Copyright 1993 BPI Communications, Inc.

BPI Entertainment News Wire

May 21, 1993, Friday

LENGTH: 427 words

HEADLINE: Aimee Mann sheds old persona for new clip

BYLINE: By DEBORAH RUSSELL, Billboard

DATELINE: LOS ANGELES

BODY:

She's not the typical woman one ordinarily sees in music video. She's fully clothed, she wears little makeup, and she's got a sense of humor.

Her name is Aimee Mann, and her debut solo video, "I Should've Known," is an offbeat celebration of the freedom that comes with the end of a bad relationship.

The scene opens on a casually clad Mann collecting the possessions of a former lover - jockstrap and all - running out into the snow, lighting a bonfire, and prancing about with a bottle of champagne.

"It's unusual to see a woman in a video who isn't portrayed as a bimbo or as some 'tough chick,' " says director Katherine Dieckmann, who made her directorial debut with R.E.M.'s "Stand" and whose other credits include videos for New Order, Indigo Girls, and Throwing Muses.

But in this video, Mann portrays no one but herself. It's a switch from the persona she had created as the lead singer of 'Til Tuesday, and puts the final touch on her re-entry onto the video airwaves after a hiatus from the public eye.

"Aimee wanted to break out of the whole 'Til Tuesday image of the heartbroken, lovesick girl raging about relationships," Dieckmann says. "So we decided to treat this breakup with some black humor. I was pushing more of the angry woman thing with the whole burning of the boyfriend's stuff, but Aimee wanted it to be funny, like 'thank you; you did me the biggest favor by leaving.' "

Mann truly is flying solo in the video; she is the only person who appears on screen. Dieckmann and a skeleton crew spent two days shooting the charming, low-budget clip in an empty house on a lake outside the director's hometown of Ithaca, N.Y.
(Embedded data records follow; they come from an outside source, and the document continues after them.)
(* Let $n$ and $a$ be positive integers with $n \equiv 0 \pmod 4$, $a \equiv 0 \pmod 4$, $0 < a < n$, and such that $p = \frac{a}{4} + \frac{n}{4}$ is a prime number. Let $$\Sigma = \{x = (x_1,\dots,x_n) : x_i \in \{-1,1\} \text{ for all } i,\ x_1 = 1,\ x_1+\dots+x_n = 0\}.$$ If $Q \subset \Sigma$ satisfies $|Q| > \sum_{i=0}^{p-1}\binom{n}{i}$, then there exist $x, y \in Q$ with $(x,y) = -a$, where $(\cdot,\cdot)$ is the standard inner product on $\mathbb{R}^n$. *)

From HB Require Import structures.
From mathcomp Require Import all_boot all_order all_algebra.
Set Implicit Arguments. Unset Strict Implicit. Unset Printing Implicit Defensive.
Import Order.TTheory GRing.Theory Num.Theory.

(* Vectors in Z^n (subset of R^n) indexed by 'I_n (coordinate i+1 is index i). *)
Definition vec (n : nat) := {ffun 'I_n -> int}.

Definition ip (n : nat) (x y : vec n) : int := (\sum_(i < n) x i * y i)%R.

Definition inSigma (n : nat) (x : vec n) : Prop :=
  (forall i : 'I_n, x i = 1%R \/ x i = (-1)%R) /\
  (forall i : 'I_n, val i = 0%N -> x i = 1%R) /\
  (\sum_(i < n) x i)%R = 0%R.

From HB Require Import structures.
From mathcomp Require Import all_boot all_order all_algebra zify.
Import Order.TTheory GRing.Theory Num.Theory.
Set Implicit Arguments. Unset Strict Implicit. Unset Printing Implicit Defensive.

(* Write n = 4q, a = 4r, so p = q + r, and identify x in Sigma with its set of
   +1 coordinates, a 2q-subset of {1..n}; then (x, y) = 4 |A :&: B| - n, so
   (x, y) = -a exactly when |A :&: B| = 2q - p.  Put c = (p - 1)(2q + 1).
   By Wilson's theorem C(t + c, p - 1) is nonzero mod p iff p divides 2q - t;
   this holds for t = 2q, and fails for every t < 2q except t = 2q - p.  So if Q
   avoids the inner product -a, the matrix (C(|A_i :&: A_j| + c, p - 1)) over
   F_p is diagonal and invertible.  By Vandermonde, t |-> C(t + c, p - 1) is a
   combination of the C(t, s) with s < p, so this matrix factors through the
   inclusion matrices of the subsets of size < p, whence |Q| <= sum_(i<p) C(n, i)
   (the Frankl-Wilson argument). *)

(* Among the p - 1 consecutive factors u, u - 1, ..., u - p + 2 a multiple of p
   is missing exactly when it would be u + 1. *)
Lemma prime_dvd_ffact_pred p u : prime p -> (p %| u ^_ p.-1) = ~~ (p %| u.+1).
Proof.
move=> p_pr; have p_gt0 := prime_gt0 p_pr.
rewrite ffact_prod (Euclid_dvd_prod _ _ _ p_pr) big_orE; apply/existsP/idP.
- case=> -[i /= lt_i_p1] dvd_p_ui; apply/negP=> dvd_p_u1.
  have lt_i1_p : i.+1 < p by rewrite -ltn_predRL.
  have [le_u_i|lt_i_u] := leqP u i.
    by move: (dvdn_leq (ltn0Sn u) dvd_p_u1); rewrite leqNgt (leq_ltn_trans _ lt_i1_p).
  have := dvdn_sub dvd_p_u1 dvd_p_ui.
  rewrite subSn ?leq_subr // (subKn (ltnW lt_i_u)) => /(dvdn_leq (ltn0Sn _)).
  by rewrite leqNgt lt_i1_p.
- move=> ndvd_p_u1; have r_gt0 : 0 < u.+1 %% p by rewrite lt0n.
  have lt_r1_p1 : (u.+1 %% p).-1 < p.-1.
    by rewrite -ltnS !prednK // ltn_pmod.
  exists (Ordinal lt_r1_p1) => /=.
  rewrite -subSS prednK // {1}(divn_eq u.+1 p) addnK.
  exact: dvdn_mull.
Qed.

Lemma prime_dvd_bin_pred p u : prime p -> (p %| 'C(u, p.-1)) = ~~ (p %| u.+1).
Proof.
move=> p_pr; rewrite -prime_dvd_ffact_pred // -bin_ffact Euclid_dvdM //.
suff -> : (p %| (p.-1)`!) = false by rewrite orbF.
apply/negP=> dvd_p_fact; have p_gt1 := prime_gt1 p_pr.
have : p %| (p.-1)`!.+1 by rewrite -(Wilson p_gt1).
by rewrite -addn1 dvdn_addr // dvdn1 => /eqP p1; rewrite p1 in p_gt1.
Qed.

(* The shift [c = (p - 1) (m + 1)] makes [t + c + 1] congruent to [t - m] modulo [p]. *)
Lemma dvdn_shifted_succ p m t : 0 < p -> t <= m ->
  (p %| (t + p.-1 * m.+1).+1) = (p %| m - t).
Proof.
move=> p_gt0 le_tm.
have sumE : (t + p.-1 * m.+1).+1 + (m - t) = p * m.+1.
  by rewrite -[in RHS](prednK p_gt0) mulSn; lia.
apply/idP/idP=> dvd_p.
- by rewrite -(dvdn_addr _ dvd_p) sumE dvdn_mulr.
- by rewrite -(dvdn_addl _ dvd_p) sumE dvdn_mulr.
Qed.

Lemma Fp_bin_shifted_eq0 p m t : prime p -> t <= m ->
  ('C(t + p.-1 * m.+1, p.-1)%:R == 0 :> 'F_p)%R = ~~ (p %| m - t).
Proof.
move=> p_pr le_tm.
by rewrite -(dvdn_pcharf (pchar_Fp p_pr)) prime_dvd_bin_pred // dvdn_shifted_succ // prime_gt0.
Qed.

Local Open Scope ring_scope.

Lemma sum_subsets_card_leq (V : nmodType) (T : finType) (Z : {set T}) k (h : nat -> V) :
  \sum_(S : {set T} | (S \subset Z) && (#|S| <= k)%N) h #|S|
    = \sum_(s < k.+1) h s *+ 'C(#|Z|, s).
Proof.
rewrite (partition_big (fun S : {set T} => inord #|S| : 'I_k.+1) predT) //=.
apply: eq_bigr => s _; rewrite -cards_draws -sumr_const.
apply: eq_big => [S|S /andP[/andP[_ le_Sk] /eqP <-]]; last by rewrite inordK.
rewrite inE -andbA; congr (_ && _).
have [le_Sk|lt_kS] := leqP #|S| k; first by rewrite -val_eqE /= inordK.
by apply/esym/negbTE; rewrite neq_ltn (leq_trans (ltn_ord s) lt_kS) orbT.
Qed.

Lemma unitmx_mulmx_leq (F : fieldType) m k (U : 'M[F]_(m, k)) (V : 'M[F]_(k, m)) :
  U *m V \in unitmx -> (m <= k)%N.
Proof.
move=> unit_UV; rewrite -(mxrank_unit unit_UV).
exact: leq_trans (mxrankM_maxl U V) (rank_leq_col U).
Qed.

Section InclusionMatrices.

Variables (F : fieldType) (T : finType) (k : nat) (g : nat -> F).

Definition binom_poly (t : nat) : F := \sum_(s < k.+1) g s *+ 'C(t, s).

Lemma binom_poly_card_setI (A B : {set T}) :
  binom_poly #|A :&: B|
    = \sum_(S : {set T} | [&& S \subset A, S \subset B & (#|S| <= k)%N]) g #|S|.
Proof.
rewrite /binom_poly -sum_subsets_card_leq; apply: eq_bigl => S.
by rewrite subsetI andbA.
Qed.

Lemma card_sets_leq : #|[pred S : {set T} | (#|S| <= k)%N]| = (\sum_(s < k.+1) 'C(#|T|, s))%N.
Proof.
have := sum_subsets_card_leq [set: T] k (fun _ => 1%N).
rewrite cardsT sumr_const natn; under eq_bigr do rewrite natn.
move=> <-; apply: eq_card => S.
by rewrite [RHS]unfold_in /= subsetT inE.
Qed.

Theorem binom_poly_intersection_bound m (A : 'I_m -> {set T}) :
  (forall i, binom_poly #|A i| != 0) ->
  (forall i j, i != j -> binom_poly #|A i :&: A j| = 0) ->
  (m <= \sum_(s < k.+1) 'C(#|T|, s))%N.
Proof.
move=> diag_neq0 offdiag_eq0.
pose small := [pred S : {set T} | (#|S| <= k)%N].
pose incl (S A : {set T}) : F := (S \subset A)%:R.
pose U := \matrix_(i < m, j < #|small|) (incl (enum_val j) (A i) * g #|enum_val j|).
pose V := \matrix_(j < #|small|, i < m) incl (enum_val j) (A i).
have UV_E i j : (U *m V) i j = binom_poly #|A i :&: A j|.
  rewrite mxE binom_poly_card_setI.
  transitivity (\sum_(S in small) incl S (A i) * g #|S| * incl S (A j)).
    by rewrite (big_enum_val (A := small)); apply: eq_bigr => S _; rewrite !mxE.
  rewrite big_mkcond [RHS]big_mkcond; apply: eq_bigr => S _ /=.
  rewrite /incl inE.
  by case: (S \subset A i); case: (S \subset A j); case: (#|S| <= k)%N;
    rewrite ?mul1r ?mulr1 ?mul0r ?mulr0.
have UV_diag : U *m V = diag_mx (\row_i binom_poly #|A i|).
  apply/matrixP => i j; rewrite UV_E !mxE.
  by have [<-|/offdiag_eq0] := eqVneq i j; rewrite ?setIid ?mulr1n ?mulr0n.
have unit_UV : U *m V \in unitmx.
  rewrite UV_diag unitmxE det_diag unitfE; apply/prodf_neq0 => i _.
  by rewrite mxE.
by rewrite -card_sets_leq; apply: unitmx_mulmx_leq unit_UV.
Qed.

End InclusionMatrices.

Lemma binom_poly_bin_shift (F : fieldType) k c t :
  binom_poly k (fun s => 'C(c, k - s)%:R : F) t = 'C(t + c, k)%:R.
Proof.
rewrite /binom_poly -binomial.Vandermonde natr_sum; apply: eq_bigr => s _.
by rewrite natrM mulr_natl.
Qed.

Definition plus_set n (x : vec n) : {set 'I_n} := [set i | x i == 1].

Lemma sum_mem_natr (R : nzSemiRingType) (T : finType) (A : {set T}) :
  \sum_(i : T) (i \in A)%:R = #|A|%:R :> R.
Proof.
by rewrite -sum1_card natr_sum [RHS]big_mkcond; apply: eq_bigr => i _; case: (i \in A).
Qed.

Lemma sigma_entry n (x : vec n) i : inSigma x -> x i = (i \in plus_set x)%:R *+ 2 - 1.
Proof. by move=> [x_pm1 _]; rewrite inE; case: (x_pm1 i) => ->. Qed.

Lemma card_plus_set n (x : vec n) : inSigma x -> (#|plus_set x| * 2)%N = n.
Proof.
move=> x_Sigma; have [_ [_ /eqP]] := x_Sigma.
rewrite (eq_bigr _ (fun i _ => sigma_entry i x_Sigma)) sumrB sumrMnl sum_mem_natr.
by rewrite sumr_const card_ord subr_eq0 -mulrnA eqr_nat => /eqP.
Qed.

Lemma ip_sigma n (x y : vec n) : inSigma x -> inSigma y ->
  ip x y = (#|plus_set x :&: plus_set y| * 4)%N%:R - n%:R.
Proof.
move=> x_Sigma y_Sigma.
have entryM i : x i * y i = (i \in plus_set x :&: plus_set y)%:R *+ 4
    - (i \in plus_set x)%:R *+ 2 - (i \in plus_set y)%:R *+ 2 + 1.
  rewrite (sigma_entry i x_Sigma) (sigma_entry i y_Sigma) in_setI.
  by case: (i \in plus_set x); case: (i \in plus_set y).
rewrite /ip (eq_bigr _ (fun i _ => entryM i)) big_split /= !sumrB !sumrMnl !sum_mem_natr.
by rewrite sumr_const card_ord -!mulrnA (card_plus_set x_Sigma) (card_plus_set y_Sigma) subrK.
Qed.

Lemma card_plus_setI_lt n (x y : vec n) : inSigma x -> inSigma y -> x != y ->
  (#|plus_set x :&: plus_set y| < #|plus_set x|)%N.
Proof.
move=> x_Sigma y_Sigma; rewrite ltnNge; apply: contra => le_x_xy.
have sub_xy : plus_set x \subset plus_set y.
  by apply/setIidPl/eqP; rewrite eqEcard subsetIl.
have eq_xy : plus_set x = plus_set y.
  apply/eqP; rewrite eqEcard sub_xy -(leq_pmul2r (isT : 0 < 2)%N).
  by rewrite (card_plus_set x_Sigma) (card_plus_set y_Sigma) leqnn.
by apply/eqP; apply/ffunP => i; rewrite (sigma_entry i x_Sigma) (sigma_entry i y_Sigma) eq_xy.
Qed.

Lemma ip_sigma_eq_opp n a (x y : vec n) : inSigma x -> inSigma y ->
  (#|plus_set x :&: plus_set y| * 4 + a)%N = n -> ip x y = - a%:Z.
Proof.
move=> x_Sigma y_Sigma card_n; rewrite (ip_sigma x_Sigma y_Sigma).
have -> : n%:R = (#|plus_set x :&: plus_set y| * 4)%N%:R + a%:R :> int.
  by rewrite -natrD card_n.
by rewrite opprD addrA subrr add0r natz.
Qed.

Lemma ndvdn_lt_double p d : (0 < d)%N -> (d < p.*2)%N -> d != p -> ~~ (p %| d)%N.
Proof.
move=> d_gt0 lt_d_2p neq_dp; apply/negP => /dvdnP[k d_eq].
by move: d_eq d_gt0 lt_d_2p neq_dp => ->; case: k => [|[|k]]; rewrite ?mulSn; lia.
Qed.

Lemma ndvdn_sub_card_plus_setI n a q r (x y : vec n) :
  n = (q * 4)%N -> a = (r * 4)%N -> (0 < r)%N -> inSigma x -> inSigma y -> x != y ->
  ip x y != - a%:Z -> ~~ (r + q %| q * 2 - #|plus_set x :&: plus_set y|)%N.
Proof.
move=> nE aE r_gt0 x_Sigma y_Sigma neq_xy ip_neq.
have card_x : #|plus_set x| = (q * 2)%N.
  by have := card_plus_set x_Sigma; lia.
have lt_xy_x := card_plus_setI_lt x_Sigma y_Sigma neq_xy; rewrite card_x in lt_xy_x.
apply: ndvdn_lt_double; [by rewrite subn_gt0 | lia |].
by apply: contra_neq ip_neq => eq_p; apply: ip_sigma_eq_opp => //; lia.
Qed.

Local Close Scope ring_scope.

Theorem mainTheorem5 (n a p : nat) :
  (0 < n)%N -> (0 < a)%N -> (n %% 4 = 0)%N -> (a %% 4 = 0)%N -> (a < n)%N ->
  p = (a %/ 4 + n %/ 4)%N -> prime p ->
  forall Q : seq (vec n),
    uniq Q -> (forall x, x \in Q -> inSigma x) ->
    (\sum_(0 <= i < p) 'C(n, i) < size Q)%N ->
    exists x y, x \in Q /\ y \in Q /\ ip x y = (- (a%:Z))%R.
Proof.
move=> _ a_gt0 n4 a4 _ pE p_pr Q uniqQ Q_Sigma.
have [/hasP[x xQ /hasP[y yQ /eqP ip_xy]] _|no_pair] :=
  boolP (has (fun x => has (fun y => ip x y == (- a%:Z)%R) Q) Q); first by exists x, y.
rewrite ltnNge => /negP[].
set q := n %/ 4; set r := a %/ 4.
have nE : n = q * 4 by rewrite {1}(divn_eq n 4) n4 addn0.
have aE : a = r * 4 by rewrite {1}(divn_eq a 4) a4 addn0.
have r_gt0 : 0 < r by move: a_gt0; rewrite aE muln_gt0 => /andP[].
pose x0 : vec n := [ffun => 0%R].
pose A (i : 'I_(size Q)) := plus_set (nth x0 Q i).
have Qi_Sigma (i : 'I_(size Q)) : inSigma (nth x0 Q i) by apply/Q_Sigma/mem_nth.
have cardA i : #|A i| = q * 2.
  by have := card_plus_set (Qi_Sigma i); rewrite /A; lia.
pose c := p.-1 * (q * 2).+1.
have := @binom_poly_intersection_bound 'F_p _ p.-1 (fun s => 'C(c, p.-1 - s)%:R%R) _ A.
rewrite big_mkord card_ord prednK ?prime_gt0 //.
apply=> [i|i j neq_ij]; rewrite binom_poly_bin_shift.
  by rewrite cardA Fp_bin_shifted_eq0 // subnn dvdn0.
have le_ij_i : #|A i :&: A j| <= q * 2 by rewrite -(cardA i) subset_leq_card ?subsetIl.
apply/eqP; rewrite Fp_bin_shifted_eq0 // pE.
apply: (@ndvdn_sub_card_plus_setI n a q r) => //; first by rewrite nth_uniq.
apply: contraNneq no_pair => ip_ij; apply/hasP; exists (nth x0 Q i); first exact: mem_nth.
by apply/hasP; exists (nth x0 Q j); [exact: mem_nth | apply/eqP].
Qed.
"We wanted to shoot down south and have a spring feeling," Dieckmann says. "But then we got hit with the storm of the century and we couldn't really go anywhere that wasn't covered in snow anyway."

Icy exteriors feature a freezing Mann riding a bicycle, playing air guitar, and planting artificial sunflowers in a thigh-high snowbank.

Her only true co-stars in the clip are a trio of Charlie McCarthy dummies, which happen to come from her own collection. In fact, most of the props in the video, except a specially created Monopoly-esque board game named "Monobstacle," were culled from Mann's possessions or from the belongings of crew members, friends, and other Ithaca locals.

"Aimee is an extremely intelligent and funny woman" Dieckmann adds, "and that hadn't come through in her public persona until now."